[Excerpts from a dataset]
########

(* Let $K$ be a finite field, let $L$ be the quadratic extension of $K$, and let $d$ be an integer with $\gcd(d,|L|-1)=1$ that is degenerate over $K$. Then $W_{L,d}(a)\ge 0$ for all $a\in K$.
   Context: Let $p$ be the characteristic. $\psi_L(x)=\exp(2\pi i\,\mathrm{Tr}_{L/\mathbb{F}_p}(x)/p)$ and $W_{L,d}(a)=\sum_{x\in L}\psi_L(x^d+ax)$. $d$ is degenerate over $K$ if $d\equiv p^j\pmod{|K|-1}$ for some integer $j$. *)

From HB Require Import structures.
From mathcomp Require Import all_boot all_order all_algebra all_field.
From mathcomp Require Import reals trigo.
From mathcomp Require Import complex.
Set Implicit Arguments. Unset Strict Implicit. Unset Printing Implicit Defensive.
Import Order.TTheory GRing.Theory Num.Theory.
Local Open Scope ring_scope.

Definition absTr (p : nat) (F : finFieldType) (x : F) : F :=
  \sum_(i < logn p #|F|) x ^+ (p ^ i).

(* The integer representative k in {0,...,p-1} of an element of the prime field
   (k%:R = y); defaults to 0 if y is not in the prime field. *)
Definition primeRep (p : nat) (F : finFieldType) (y : F) : nat :=
  oapp (@nat_of_ord p) 0%N [pick k : 'I_p | (k%:R == y)].

(* psi_F(x) = exp(2 pi i Tr(x)/p), as a complex number cos + i sin. *)
Definition psi (R : realType) (p : nat) (F : finFieldType) (x : F) : R[i] :=
  let t : R := (2 * pi * (primeRep p (absTr p x))%:R) / p%:R in
  Complex (cos t) (sin t).

Definition WLd (R : realType) (p : nat) (F : finFieldType) (d : nat) (a : F) : R[i] :=
  \sum_(x : F) psi R p (x ^+ d + a * x).

From HB Require Import structures.
From mathcomp Require Import all_boot all_order all_algebra all_field.
From mathcomp Require Import reals trigo.
From mathcomp Require Import complex.
From mathcomp Require Import ring zify.
Import Order.TTheory GRing.Theory Num.Theory.
Local Open Scope ring_scope.

Set Implicit Arguments.
Unset Strict Implicit.

(* Let q = |K|.  For c in K^*, the substitution x |-> c x gives
   W(a) = sum_x psi(c^d x^d + a c x), and on K the power map c |-> c^d is the
   automorphism c |-> c^(p^j).  So for each x in L, c |-> psi(c^(p^j) x^d + a c x)
   is an additive character of K, and summing over c in K yields
   q^2 + (q - 1) W(a) = q N, where N counts the x for which it is trivial.
   Every x with x^q = -x gives a trivial character (its arguments have trace 0,
   since (-1)^d = -1 when d is prime to |L| - 1), and there are at least q such x:
   they form the kernel of the additive map x |-> x^q + x, whose image has at
   most q elements.  Hence (q - 1) W(a) = q N - q^2 >= 0. *)

Lemma card_fixed_expr_le (F : finFieldType) n :
  (1 < n)%N -> (#|[pred y : F | y ^+ n == y]| <= n)%N.
Proof.
move=> n_gt1.
have size_P : size ('X^n - 'X : {poly F}) = n.+1.
  by rewrite size_polyDl ?size_polyXn // size_polyN size_polyX.
have P_neq0 : ('X^n - 'X : {poly F}) != 0 by rewrite -size_poly_eq0 size_P.
rewrite -ltnS -size_P cardE; apply: max_poly_roots P_neq0 _ (enum_uniq _).
by apply/allP => y; rewrite mem_enum inE /root !hornerE subr_eq0.
Qed.

Lemma expr_modn_card1 (K : finFieldType) (c : K) m n :
  (0 < m)%N -> (0 < n)%N -> m = n %[mod #|K| - 1] -> c ^+ m = c ^+ n.
Proof.
move=> m_gt0 n_gt0 mn; have [->|c_neq0] := eqVneq c 0.
  by rewrite !expr0n -!leqn0 leqNgt m_gt0 leqNgt n_gt0.
have c1 : c ^+ (#|K| - 1) = 1.
  apply: (mulIf c_neq0); rewrite mul1r -exprSr subn1 prednK ?expf_card //.
  exact/ltnW/finNzRing_gt1.
by rewrite -(expr_mod _ c1) mn (expr_mod _ c1).
Qed.

Lemma oppr1_expr_coprime (F : finFieldType) d :
  coprime d (#|F| - 1) -> (-1 : F) ^+ d = -1.
Proof.
move=> cop; have [d_odd|d_even] := boolP (odd d).
  by rewrite -signr_odd d_odd expr1.
have card_odd : odd (#|F| - 1).
  apply/negPn/negP => card_even; move: cop; rewrite /coprime.
  have : (2 %| gcdn d (#|F| - 1))%N by rewrite dvdn_gcd !dvdn2 d_even card_even.
  by move=> /[swap] /eqP ->.
have m1_eq1 : (-1 : F) = 1.
  rewrite -{1}(expf_card (-1 : F)) -(subnK (ltnW (finNzRing_gt1 F))) exprD.
  by rewrite -signr_odd card_odd expr1 mulN1r opprK.
by rewrite m1_eq1 expr1n.
Qed.

Section PrimeCharacteristic.
Variables (F : finFieldType) (p : nat).
Hypothesis charFp : p \in [pchar F].

Lemma pnat_pchar_expn i : [pchar F].-nat (p ^ i)%N.
Proof.
by rewrite (eq_pnat _ (pcharf_eq charFp)) pnatX pnat_id ?(pcharf_prime charFp).
Qed.

Lemma natr_inj_pchar k l : (k < p)%N -> (l < p)%N -> k%:R = l%:R :> F -> k = l.
Proof.
wlog kl : k l / (k <= l)%N => [hwlog|k_lt l_lt kl_eq].
  by case: (leqP k l) => [|/ltnW] ? ? ? ?; [|symmetry]; apply: hwlog.
have : (p %| l - k)%N by rewrite (dvdn_pcharf charFp) natrB // kl_eq subrr.
by rewrite -eqn_mod_dvd // !modn_small // => /eqP.
Qed.

Lemma pFrobenius_fixed_natr (y : F) : y ^+ p = y -> exists2 k, (k < p)%N & y = k%:R.
Proof.
move=> yp; set A := [set (k%:R : F) | k : 'I_p].
have cardA : #|A| = p.
  rewrite card_imset ?card_ord // => k l /natr_inj_pchar kl.
  exact/val_inj/kl.
have sub_A : A \subset [pred z : F | z ^+ p == z].
  apply/subsetP => _ /imsetP [k _ ->]; rewrite inE.
  by rewrite -pFrobenius_autE pFrobenius_aut_nat.
have /subsetP sub_Ar : [pred z : F | z ^+ p == z] \subset A.
  apply/idPn => /negbTE not_sub.
  have := card_fixed_expr_le F (prime_gt1 (pcharf_prime charFp)).
  by rewrite leqNgt -{1}cardA (ltn_leqif (subset_leqif_card sub_A)) not_sub.
have /imsetP [k _ ->] : y \in A by apply: sub_Ar; rewrite inE yp.
by exists k.
Qed.

Lemma primeRep_natr k : (k < p)%N -> primeRep p (k%:R : F) = k.
Proof.
move=> k_lt; rewrite /primeRep; case: pickP => [l /eqP|] /=.
  exact: natr_inj_pchar (ltn_ord l) k_lt.
by move/(_ (Ordinal k_lt)); rewrite eqxx.
Qed.

Lemma absTrD (y z : F) : absTr p (y + z) = absTr p y + absTr p z.
Proof.
by rewrite -big_split; apply: eq_bigr => i _; rewrite exprDn_pchar ?pnat_pchar_expn.
Qed.

Lemma absTr0 : absTr p (0 : F) = 0.
Proof. by apply: (addrI (absTr p 0)); rewrite -absTrD !addr0. Qed.

Lemma absTr_natr (y : F) : exists2 k, (k < p)%N & absTr p y = k%:R.
Proof.
apply: pFrobenius_fixed_natr; rewrite -pFrobenius_autE /absTr rmorph_sum /=.
set m := logn p #|F|.
have sum_recl : \sum_(i < m.+1) y ^+ (p ^ i) = y + \sum_(i < m) y ^+ (p ^ i.+1).
  by rewrite big_ord_recl expn0 expr1.
have sum_recr : \sum_(i < m.+1) y ^+ (p ^ i) = \sum_(i < m) y ^+ (p ^ i) + y.
  by rewrite big_ord_recr /= -(card_pprimeChar charFp) expf_card.
apply: (addrI y); rewrite -[RHS]addrC -sum_recr sum_recl; congr (_ + _).
by apply: eq_bigr => i _; rewrite pFrobenius_autE -exprM -expnSr.
Qed.

Lemma absTr_eq0_conj_opp n (y : F) :
  logn p #|F| = (n + n)%N -> y ^+ (p ^ n) = - y -> absTr p y = 0.
Proof.
move=> logF yn; rewrite /absTr logF big_split_ord /= -big_split big1 // => i _.
by rewrite /= expnD exprM yn exprNn_pchar ?pnat_pchar_expn ?subrr.
Qed.

End PrimeCharacteristic.

Lemma sum_additive_char (V : finZmodType) (S : idomainType) (chi : V -> S) :
    {morph chi : u v / u + v >-> u * v} ->
  \sum_v chi v = if [forall v, chi v == 1] then #|V|%:R else 0.
Proof.
move=> chiD; case: ifP => [/forallP chi1 | /negbT].
  by rewrite (eq_bigr (fun _ => 1)) ?sumr_const // => v _; apply/eqP/chi1.
rewrite negb_forall => /existsP [u chi_u_neq1].
have sum_shift : \sum_v chi v = chi u * \sum_v chi v.
  rewrite [LHS](reindex_inj (addrI u)) mulr_sumr.
  by apply: eq_bigr => v _; apply: chiD.
apply/eqP; move/eqP: sum_shift; rewrite -subr_eq0 -{1}[\sum_v _]mul1r -mulrBl.
by rewrite mulf_eq0 subr_eq0 eq_sym (negbTE chi_u_neq1).
Qed.

Lemma card_le_image_kernel (V W : finZmodType) (f : V -> W) :
    {morph f : u v / u - v} ->
  (#|V| <= #|[set f v | v : V]| * #|[set v | f v == 0%R]|)%N.
Proof.
move=> fB; pose g w := odflt 0 [pick v | f v == w].
have fgf v : f (g (f v)) = f v.
  by rewrite /g; case: pickP => [u /eqP //|/(_ v)]; rewrite eqxx.
pose h v := (f v, v - g (f v)).
have h_inj : injective h by move=> u v [fuv]; rewrite fuv => /addIr.
rewrite -cardsX -cardsT -(card_imset _ h_inj); apply: subset_leq_card.
apply/subsetP => _ /imsetP [v _ ->]; rewrite !inE /= imset_f //=.
by rewrite fB fgf subrr.
Qed.

Section ComplexExponential.
Context {R : realType}.

Definition cis (t : R) : R[i] := Complex (cos t) (sin t).

Lemma cisD s t : cis (s + t) = cis s * cis t.
Proof. by rewrite /cis cosD sinD; simpc; congr Complex; rewrite addrC. Qed.

Lemma cis0 : cis 0 = 1.
Proof. by rewrite /cis cos0 sin0. Qed.

Lemma cisD2piMn t k : cis (t + 2 * pi * k%:R) = cis t.
Proof.
elim: k => [|k IHk]; first by rewrite mulr0 addr0.
have -> : t + 2 * pi * k.+1%:R = (t + 2 * pi * k%:R) + pi *+ 2.
  by rewrite mulrSr; ring.
by rewrite -[in RHS]IHk /cis cosD2pi sinD2pi.
Qed.

Lemma cis_modn p k : (0 < p)%N ->
  cis (2 * pi * (k %% p)%:R / p%:R) = cis (2 * pi * k%:R / p%:R).
Proof.
move=> p_gt0; have p_neq0 : (p%:R : R) != 0 by rewrite pnatr_eq0 -lt0n.
set two_pi := 2 * pi; rewrite [in RHS](divn_eq k p) natrD natrM mulrDr mulrDl addrC.
by rewrite mulrA mulfK // cisD2piMn.
Qed.

End ComplexExponential.

Section AdditiveCharacter.
Variables (R : realType) (F : finFieldType) (p : nat).
Hypothesis charFp : p \in [pchar F].

Lemma psiE (y : F) : psi R p y = cis (2 * pi * (primeRep p (absTr p y))%:R / p%:R).
Proof. by []. Qed.

Lemma psiD (y z : F) : psi R p (y + z) = psi R p y * psi R p z.
Proof.
have p_gt0 : (0 < p)%N := prime_gt0 (pcharf_prime charFp).
have [k k_lt Tr_y] := absTr_natr charFp y; have [l l_lt Tr_z] := absTr_natr charFp z.
rewrite !psiE (absTrD charFp) Tr_y Tr_z -natrD -(GRing.natr_mod_pchar charFp).
rewrite !primeRep_natr ?ltn_pmod // cis_modn // -cisD.
by rewrite natrD mulrDr mulrDl.
Qed.

Lemma psi_absTr0 (y : F) : absTr p y = 0 -> psi R p y = 1.
Proof.
move=> Tr_y; rewrite psiE Tr_y (primeRep_natr charFp (k := 0)).
  by rewrite mulr0 mul0r cis0.
exact/prime_gt0/(pcharf_prime charFp).
Qed.

End AdditiveCharacter.

Section QuadraticExtension.
Variables (R : realType) (K : finFieldType) (L : fieldExtType K) (p : nat).
Hypotheses (charKp : p \in [pchar K]) (dimL : \dim {: L} = 2%N).

Local Notation F := (FinFieldExtType L).
Local Notation q := #|K|.
Local Notation n := (logn p #|K|).

Lemma card_quadratic_ext : #|F| = (q * q)%N.
Proof.
have := card_vspace (fullv : {vspace finvect_type L}).
rewrite card_vspacef dimvf; move: dimL; rewrite dimvf => -> ->.
by rewrite mulnn.
Qed.

Lemma pchar_quadratic_ext : p \in [pchar F].
Proof. by rewrite (pchar_lalg F). Qed.

Let card_base : q = (p ^ n)%N := card_pprimeChar charKp.

Lemma logn_card_quadratic_ext : logn p #|F| = (n + n)%N.
Proof.
by rewrite card_quadratic_ext lognM // (ltnW (finNzRing_gt1 K)).
Qed.

Lemma exprD_card_base (x y : F) : (x + y) ^+ q = x ^+ q + y ^+ q.
Proof. by rewrite card_base exprDn_pchar ?pnat_pchar_expn ?pchar_quadratic_ext. Qed.

Lemma exprN_card_base (x : F) : (- x) ^+ q = - x ^+ q.
Proof. by rewrite card_base exprNn_pchar ?pnat_pchar_expn ?pchar_quadratic_ext. Qed.

Lemma card_conj_opp_ge : (q <= #|[set x : F | x ^+ q == - x]|)%N.
Proof.
have q_gt1 : (1 < q)%N := finNzRing_gt1 K.
pose f (x : F) := x ^+ q + x.
have fB : {morph f : x y / x - y}.
  by move=> x y; rewrite /f exprD_card_base exprN_card_base addrACA opprD.
have sub_fixed : [set f x | x : F] \subset [pred y : F | y ^+ q == y].
  apply/subsetP => _ /imsetP [x _ ->]; rewrite inE /f exprD_card_base -exprM.
  by rewrite -card_quadratic_ext expf_card addrC.
have img_le : (#|[set f x | x : F]| <= q)%N.
  exact: leq_trans (subset_leq_card sub_fixed) (card_fixed_expr_le F q_gt1).
have -> : [set x : F | x ^+ q == - x] = [set x | f x == 0].
  by apply/setP => x; rewrite !inE addr_eq0.
rewrite -(leq_pmul2l (ltnW q_gt1)) -card_quadratic_ext.
by rewrite (leq_trans (card_le_image_kernel fB)) // leq_mul2r img_le orbT.
Qed.

Variables (d j : nat) (a : K).
Hypothesis oppr1_exprd : (-1 : F) ^+ d = -1.
Hypothesis exprd_base : forall c : K, c ^+ d = c ^+ (p ^ j).

Local Notation W := (WLd R p d (a%:A : F)).

Definition twisted_char (x : F) (c : K) : R[i] :=
  psi R p (((c ^+ (p ^ j))%:A : F) * x ^+ d + ((a * c)%:A : F) * x).

Local Notation trivial_points := [set x : F | [forall c, twisted_char x c == 1]].

Lemma twisted_charD x : {morph twisted_char x : c1 c2 / c1 + c2 >-> c1 * c2}.
Proof.
move=> c1 c2; rewrite /twisted_char -psiD ?pchar_quadratic_ext //.
by rewrite exprDn_pchar ?pnat_pchar_expn // mulrDr !scalerDl !mulrDl addrACA.
Qed.

Lemma twisted_char0 x : twisted_char x 0 = 1.
Proof.
rewrite /twisted_char expr0n expn_eq0 eqn0Ngt prime_gt0 ?(pcharf_prime charKp) //=.
rewrite mulr0 !scale0r !mul0r addr0 (psi_absTr0 _ pchar_quadratic_ext) //.
exact: absTr0 pchar_quadratic_ext.
Qed.

Lemma twisted_char_conj_opp x : x ^+ q = - x -> forall c, twisted_char x c = 1.
Proof.
move=> xq c; apply: (psi_absTr0 R pchar_quadratic_ext).
have algq (b : K) : (b%:A : F) ^+ q = b%:A by rewrite -in_algE -rmorphXn expf_card.
apply: (absTr_eq0_conj_opp pchar_quadratic_ext logn_card_quadratic_ext).
rewrite -card_base exprD_card_base !exprMn !algq -exprM mulnC exprM xq.
by rewrite exprNn oppr1_exprd mulN1r !mulrN opprD.
Qed.

Lemma sum_twisted_char c : c != 0 -> \sum_(x : F) twisted_char x c = W.
Proof.
move=> c_neq0; have cA_neq0 : (c%:A : F) != 0 by rewrite -in_algE fmorph_eq0.
rewrite /WLd [RHS](reindex_inj (mulfI cA_neq0)); apply: eq_bigr => x _ /=.
by rewrite /twisted_char exprMn -!in_algE -rmorphXn exprd_base mulrA -rmorphM.
Qed.

Lemma double_sum_twisted_char :
  \sum_c \sum_(x : F) twisted_char x c = (q * q)%:R + W *+ q.-1.
Proof.
rewrite (bigD1 0) // -card_quadratic_ext; congr (_ + _).
  rewrite (eq_bigr (fun _ => 1)) => [|x _]; last exact: twisted_char0.
  exact: sumr_const.
rewrite (eq_bigr (fun _ => W)) => [|c]; last exact: sum_twisted_char.
by rewrite sumr_const cardC1.
Qed.

Lemma double_sum_twisted_char_trivial :
  \sum_c \sum_(x : F) twisted_char x c = (q * #|trivial_points|)%:R.
Proof.
rewrite exchange_big (eq_bigr _ (fun x _ => sum_additive_char (twisted_charD x))).
by rewrite -big_mkcond sumr_const natrM mulr_natr cardsE.
Qed.

Lemma WLd_quadratic_ge0 : 0 <= W.
Proof.
have trivial_ge : (q <= #|trivial_points|)%N.
  apply: leq_trans card_conj_opp_ge (subset_leq_card _); apply/subsetP => x.
  by rewrite !inE => /eqP xq; apply/forallP => c; rewrite twisted_char_conj_opp.
have W_mul : W *+ q.-1 = (q * #|trivial_points| - q * q)%:R.
  rewrite natrB ?leq_mul2l ?trivial_ge ?orbT // -double_sum_twisted_char_trivial.
  by rewrite double_sum_twisted_char addrC addKr.
have q1_gt0 : (0 : R[i]) < q.-1%:R by rewrite ltr0n -subn1 subn_gt0 finNzRing_gt1.
by rewrite -(pmulr_lge0 _ q1_gt0) mulr_natr W_mul ler0n.
Qed.

End QuadraticExtension.

Theorem corollary4p5 (R : realType) (K : finFieldType) (L : fieldExtType K)
    (p : nat) (charKp : p \in [pchar K])
    (hquad : \dim {: L} = 2%N)
    (d : nat) (hgcd : coprime d (#|FinFieldExtType L| - 1))
    (hdeg : exists j : nat, d = p ^ j %[mod #|K| - 1])
    (a : K) :
  0 <= @WLd R p (FinFieldExtType L) d (a%:A : FinFieldExtType L).
Proof.
have [j d_mod] := hdeg.
have d_gt0 : (0 < d)%N.
  have sq_gt3 : (3 < #|K| * #|K|)%N := leq_mul (finNzRing_gt1 K) (finNzRing_gt1 K).
  rewrite lt0n; apply: contraTneq hgcd => ->.
  by rewrite /coprime gcd0n (card_quadratic_ext hquad); lia.
apply: (WLd_quadratic_ge0 _ charKp hquad _ (oppr1_expr_coprime hgcd)) => c.
rewrite (expr_modn_card1 _ d_gt0 _ d_mod) // expn_gt0.
by rewrite prime_gt0 ?(pcharf_prime charKp).
Qed.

########

> _REQUIREMENT_:
Filter the records for the string "Hypothesis" and copy every line that holds it.

> _ANSWER_:
Hypothesis charFp : p \in [pchar F].
Hypothesis charFp : p \in [pchar F].
Hypothesis oppr1_exprd : (-1 : F) ^+ d = -1.
Hypothesis exprd_base : forall c : K, c ^+ d = c ^+ (p ^ j).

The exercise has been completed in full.